===== Record excerpts =====

Definition simple_graph (n : nat) (e : rel 'I_n) : Prop :=
  symmetric e /\ irreflexive e.

Definition nedges (n : nat) (e : rel 'I_n) : nat :=
  #|[set p : 'I_n * 'I_n | e p.1 p.2 && (p.1 < p.2)%N]|.

Definition no_isolated (n : nat) (e : rel 'I_n) : Prop :=
  forall v : 'I_n, exists w, e v w.

(* H(4,3): a 4-cycle c-a1-a2-a3-c and a triangle c-p-q sharing only c.
   G contains H(4,3) (as a subgraph) iff there are 6 distinct vertices with
   these 7 edges. *)
Definition contains_H43 (n : nat) (e : rel 'I_n) : Prop :=
  exists c a1 a2 a3 p q : 'I_n,
    [/\ uniq [:: c; a1; a2; a3; p; q],
        [&& e c a1, e a1 a2, e a2 a3 & e a3 c] &
        [&& e c p, e p q & e q c]].

Definition H43_free (n : nat) (e : rel 'I_n) : Prop := ~ contains_H43 e.

Definition adj (R : realType) (n : nat) (e : rel 'I_n) : 'M[R]_n :=
  \matrix_(i, j) (e i j)%:R.

Definition is_spectral_radius (R : realType) (n : nat) (e : rel 'I_n) (r : R)
  : Prop :=
  eigenvalue (adj R e) r /\ (forall l : R, eigenvalue (adj R e) l -> l <= r).

Definition perron_vector (R : realType) (n : nat) (e : rel 'I_n) (r : R)
  (x : 'cV[R]_n) : Prop :=
  [/\ forall i, 0 < x i 0,
      \sum_i x i 0 ^+ 2 = 1 &
      adj R e *m x = r *: x].

Definition extremal_H43 (R : realType) (m n : nat) (e : rel 'I_n) (r : R)
  : Prop :=
  [/\ simple_graph e, H43_free e, nedges e = m, no_isolated e &
      is_spectral_radius e r] /\
      (forall (n' : nat) (e' : rel 'I_n') (r' : R),
        simple_graph e' -> H43_free e' -> nedges e' = m -> no_isolated e' ->
        is_spectral_radius e' r' -> r' <= r).

Definition nbh (n : nat) (e : rel 'I_n) (u : 'I_n) : {set 'I_n} :=
  [set v | e u v].

From HB Require Import structures.
From mathcomp Require Import all_boot all_order all_algebra.
From mathcomp Require Import reals.
From mathcomp Require Import ring lra zify.
Set Implicit Arguments. Unset Strict Implicit. Unset Printing Implicit Defensive.
Import Order.TTheory GRing.Theory Num.Theory.
Local Open Scope ring_scope.

(* The book of k triangles on an edge with a pendant edge attached is H(4,3)-free, since two
   vertices cover its edges, and has m = 2k + 2 edges; its spectral radius lam satisfies
   lam^2 - lam > m - 2 + 3/10, and by extremality so does rho.  On the other hand, counting
   walks of length two from u, with x_u maximal and G[A+] a star, gives
     (rho^2 - rho) x_u + e(W) x_u + sum_{z in W} d_N(z) (x_u - x_z) <= (m - 1) x_u.
   A vertex w of W either has a neighbour in W, so e(W) >= 1, or has between one and three
   neighbours, all in N (four would close an H(4,3) through u), whence rho x_w <= d_N(w) x_u and
   the last sum is at least 3/4 x_u.  Either way rho^2 - rho <= m - 7/4, a contradiction. *)

Lemma nedges_sum (n : nat) (e : rel 'I_n) :
  nedges e = (\sum_i \sum_j (e i j && (i < j)%N : nat))%N.
Proof.
rewrite /nedges -sum1_card big_mkcond /=.
rewrite (pair_big xpredT xpredT (fun i j => (e i j && (i < j)%N : nat))) /=.
by apply: eq_bigr => -[i j] _; rewrite inE /=; case: (_ && _).
Qed.

Lemma handshake (n : nat) (e : rel 'I_n) : simple_graph e ->
  (nedges e).*2 = (\sum_i \sum_j (e i j : nat))%N.
Proof.
move=> [e_sym e_irr]; rewrite nedges_sum -addnn.
have -> : (\sum_i \sum_j (e i j : nat) =
    \sum_i \sum_j (e i j && (i < j)%N : nat)
  + \sum_i \sum_j (e i j && (j < i)%N : nat))%N.
  rewrite -big_split; apply: eq_bigr => i _; rewrite -big_split.
  apply: eq_bigr => j _ /=.
  case: (ltngtP i j) => [||/val_inj ->]; rewrite ?andbT ?andbF ?addn0 //.
  by rewrite e_irr.
congr (_ + _)%N; rewrite exchange_big /=.
by apply: eq_bigr => i _; apply: eq_bigr => j _; rewrite e_sym.
Qed.

Lemma positive_eigenvector_spectral_radius (R : realType) (n : nat)
    (e : rel 'I_n) (lam : R) (y : 'I_n -> R) (i0 : 'I_n) :
  symmetric e -> (forall i, 0 < y i) ->
  (forall i, \sum_j (e i j)%:R * y j = lam * y i) -> is_spectral_radius e lam.
Proof.
move=> e_sym y_pos y_eigen; split.
  apply/eigenvalueP; exists (\row_j y j).
    apply/rowP => j; rewrite !mxE -y_eigen; apply: eq_bigr => i _.
    by rewrite !mxE e_sym mulrC.
  by apply/negP => /eqP/rowP/(_ i0); rewrite !mxE => /eqP; rewrite gt_eqF.
move=> l /eigenvalueP [z z_eigen z_neq0].
(* Test |l| |z| <= A |z| against the positive vector y, using the symmetry of A. *)
have z_le j : `|l| * `|z 0 j| <= \sum_i `|z 0 i| * (e j i)%:R.
  have := congr1 (fun M : 'rV_n => M 0 j) z_eigen; rewrite !mxE => zj.
  rewrite -normrM -zj; apply: le_trans (ler_norm_sum _ _ _) _.
  by apply: ler_sum => i _; rewrite mxE normrM e_sym normr_nat.
set S := \sum_j `|z 0 j| * y j.
have S_gt0 : 0 < S.
  have [j zj] : exists j, z 0 j != 0.
    case: (pickP (fun j => z 0 j != 0)) => [j zj|z0]; first by exists j.
    move/negP: z_neq0; case; apply/eqP/rowP => j; rewrite mxE.
    exact/eqP/negbFE/z0.
  rewrite /S (bigD1 j) //=; apply: ltr_pwDl; first by rewrite mulr_gt0 ?normr_gt0.
  by apply: sumr_ge0 => i _; rewrite mulr_ge0 ?normr_ge0 ?ltW ?y_pos.
have : `|l| * S <= lam * S.
  rewrite /S mulr_sumr.
  apply: (@le_trans _ _ (\sum_j (\sum_i `|z 0 i| * (e j i)%:R) * y j)).
    by apply: ler_sum => j _; rewrite mulrA ler_wpM2r // ltW.
  under eq_bigr do rewrite mulr_suml.
  rewrite exchange_big /= mulr_sumr le_eqVlt; apply/orP; left.
  apply/eqP/eq_bigr => i _.
  rewrite mulrCA -y_eigen mulr_sumr; apply: eq_bigr => j _.
  by rewrite e_sym mulrA.
by rewrite ler_pM2r // => /(le_trans (ler_norm l)).
Qed.

Lemma three_le1 {i j l : nat} :
  (i <= 1)%N -> (j <= 1)%N -> (l <= 1)%N -> i != j -> i != l -> j != l -> False.
Proof. by case: i j l => [|[|?]] [|[|?]] [|[|?]]. Qed.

=====

◆ **What you need to do**: Provide an exact transcription of every entry above.

◆ **Output of the task**:
Definition simple_graph (n : nat) (e : rel 'I_n) : Prop :=
  symmetric e /\ irreflexive e.

Definition nedges (n : nat) (e : rel 'I_n) : nat :=
  #|[set p : 'I_n * 'I_n | e p.1 p.2 && (p.1 < p.2)%N]|.

Definition no_isolated (n : nat) (e : rel 'I_n) : Prop :=
  forall v : 'I_n, exists w, e v w.

(* H(4,3): a 4-cycle c-a1-a2-a3-c and a triangle c-p-q sharing only c.
   G contains H(4,3) (as a subgraph) iff there are 6 distinct vertices with
   these 7 edges. *)
Definition contains_H43 (n : nat) (e : rel 'I_n) : Prop :=
  exists c a1 a2 a3 p q : 'I_n,
    [/\ uniq [:: c; a1; a2; a3; p; q],
        [&& e c a1, e a1 a2, e a2 a3 & e a3 c] &
        [&& e c p, e p q & e q c]].

Definition H43_free (n : nat) (e : rel 'I_n) : Prop := ~ contains_H43 e.

Definition adj (R : realType) (n : nat) (e : rel 'I_n) : 'M[R]_n :=
  \matrix_(i, j) (e i j)%:R.

Definition is_spectral_radius (R : realType) (n : nat) (e : rel 'I_n) (r : R)
  : Prop :=
  eigenvalue (adj R e) r /\ (forall l : R, eigenvalue (adj R e) l -> l <= r).

Definition perron_vector (R : realType) (n : nat) (e : rel 'I_n) (r : R)
  (x : 'cV[R]_n) : Prop :=
  [/\ forall i, 0 < x i 0,
      \sum_i x i 0 ^+ 2 = 1 &
      adj R e *m x = r *: x].

Definition extremal_H43 (R : realType) (m n : nat) (e : rel 'I_n) (r : R)
  : Prop :=
  [/\ simple_graph e, H43_free e, nedges e = m, no_isolated e &
      is_spectral_radius e r] /\
      (forall (n' : nat) (e' : rel 'I_n') (r' : R),
        simple_graph e' -> H43_free e' -> nedges e' = m -> no_isolated e' ->
        is_spectral_radius e' r' -> r' <= r).

Definition nbh (n : nat) (e : rel 'I_n) (u : 'I_n) : {set 'I_n} :=
  [set v | e u v].

From HB Require Import structures.
From mathcomp Require Import all_boot all_order all_algebra.
From mathcomp Require Import reals.
From mathcomp Require Import ring lra zify.
Set Implicit Arguments. Unset Strict Implicit. Unset Printing Implicit Defensive.
Import Order.TTheory GRing.Theory Num.Theory.
Local Open Scope ring_scope.

(* The book of k triangles on an edge with a pendant edge attached is H(4,3)-free, since two
   vertices cover its edges, and has m = 2k + 2 edges; its spectral radius lam satisfies
   lam^2 - lam > m - 2 + 3/10, and by extremality so does rho.  On the other hand, counting
   walks of length two from u, with x_u maximal and G[A+] a star, gives
     (rho^2 - rho) x_u + e(W) x_u + sum_{z in W} d_N(z) (x_u - x_z) <= (m - 1) x_u.
   A vertex w of W either has a neighbour in W, so e(W) >= 1, or has between one and three
   neighbours, all in N (four would close an H(4,3) through u), whence rho x_w <= d_N(w) x_u and
   the last sum is at least 3/4 x_u.  Either way rho^2 - rho <= m - 7/4, a contradiction. *)

Lemma nedges_sum (n : nat) (e : rel 'I_n) :
  nedges e = (\sum_i \sum_j (e i j && (i < j)%N : nat))%N.
Proof.
rewrite /nedges -sum1_card big_mkcond /=.
rewrite (pair_big xpredT xpredT (fun i j => (e i j && (i < j)%N : nat))) /=.
by apply: eq_bigr => -[i j] _; rewrite inE /=; case: (_ && _).
Qed.

Lemma handshake (n : nat) (e : rel 'I_n) : simple_graph e ->
  (nedges e).*2 = (\sum_i \sum_j (e i j : nat))%N.
Proof.
move=> [e_sym e_irr]; rewrite nedges_sum -addnn.
have -> : (\sum_i \sum_j (e i j : nat) =
    \sum_i \sum_j (e i j && (i < j)%N : nat)
  + \sum_i \sum_j (e i j && (j < i)%N : nat))%N.
  rewrite -big_split; apply: eq_bigr => i _; rewrite -big_split.
  apply: eq_bigr => j _ /=.
  case: (ltngtP i j) => [||/val_inj ->]; rewrite ?andbT ?andbF ?addn0 //.
  by rewrite e_irr.
congr (_ + _)%N; rewrite exchange_big /=.
by apply: eq_bigr => i _; apply: eq_bigr => j _; rewrite e_sym.
Qed.

Lemma positive_eigenvector_spectral_radius (R : realType) (n : nat)
    (e : rel 'I_n) (lam : R) (y : 'I_n -> R) (i0 : 'I_n) :
  symmetric e -> (forall i, 0 < y i) ->
  (forall i, \sum_j (e i j)%:R * y j = lam * y i) -> is_spectral_radius e lam.
Proof.
move=> e_sym y_pos y_eigen; split.
  apply/eigenvalueP; exists (\row_j y j).
    apply/rowP => j; rewrite !mxE -y_eigen; apply: eq_bigr => i _.
    by rewrite !mxE e_sym mulrC.
  by apply/negP => /eqP/rowP/(_ i0); rewrite !mxE => /eqP; rewrite gt_eqF.
move=> l /eigenvalueP [z z_eigen z_neq0].
(* Test |l| |z| <= A |z| against the positive vector y, using the symmetry of A. *)
have z_le j : `|l| * `|z 0 j| <= \sum_i `|z 0 i| * (e j i)%:R.
  have := congr1 (fun M : 'rV_n => M 0 j) z_eigen; rewrite !mxE => zj.
  rewrite -normrM -zj; apply: le_trans (ler_norm_sum _ _ _) _.
  by apply: ler_sum => i _; rewrite mxE normrM e_sym normr_nat.
set S := \sum_j `|z 0 j| * y j.
have S_gt0 : 0 < S.
  have [j zj] : exists j, z 0 j != 0.
    case: (pickP (fun j => z 0 j != 0)) => [j zj|z0]; first by exists j.
    move/negP: z_neq0; case; apply/eqP/rowP => j; rewrite mxE.
    exact/eqP/negbFE/z0.
  rewrite /S (bigD1 j) //=; apply: ltr_pwDl; first by rewrite mulr_gt0 ?normr_gt0.
  by apply: sumr_ge0 => i _; rewrite mulr_ge0 ?normr_ge0 ?ltW ?y_pos.
have : `|l| * S <= lam * S.
  rewrite /S mulr_sumr.
  apply: (@le_trans _ _ (\sum_j (\sum_i `|z 0 i| * (e j i)%:R) * y j)).
    by apply: ler_sum => j _; rewrite mulrA ler_wpM2r // ltW.
  under eq_bigr do rewrite mulr_suml.
  rewrite exchange_big /= mulr_sumr le_eqVlt; apply/orP; left.
  apply/eqP/eq_bigr => i _.
  rewrite mulrCA -y_eigen mulr_sumr; apply: eq_bigr => j _.
  by rewrite e_sym mulrA.
by rewrite ler_pM2r // => /(le_trans (ler_norm l)).
Qed.

Lemma three_le1 {i j l : nat} :
  (i <= 1)%N -> (j <= 1)%N -> (l <= 1)%N -> i != j -> i != l -> j != l -> False.
Proof. by case: i j l => [|[|?]] [|[|?]] [|[|?]]. Qed.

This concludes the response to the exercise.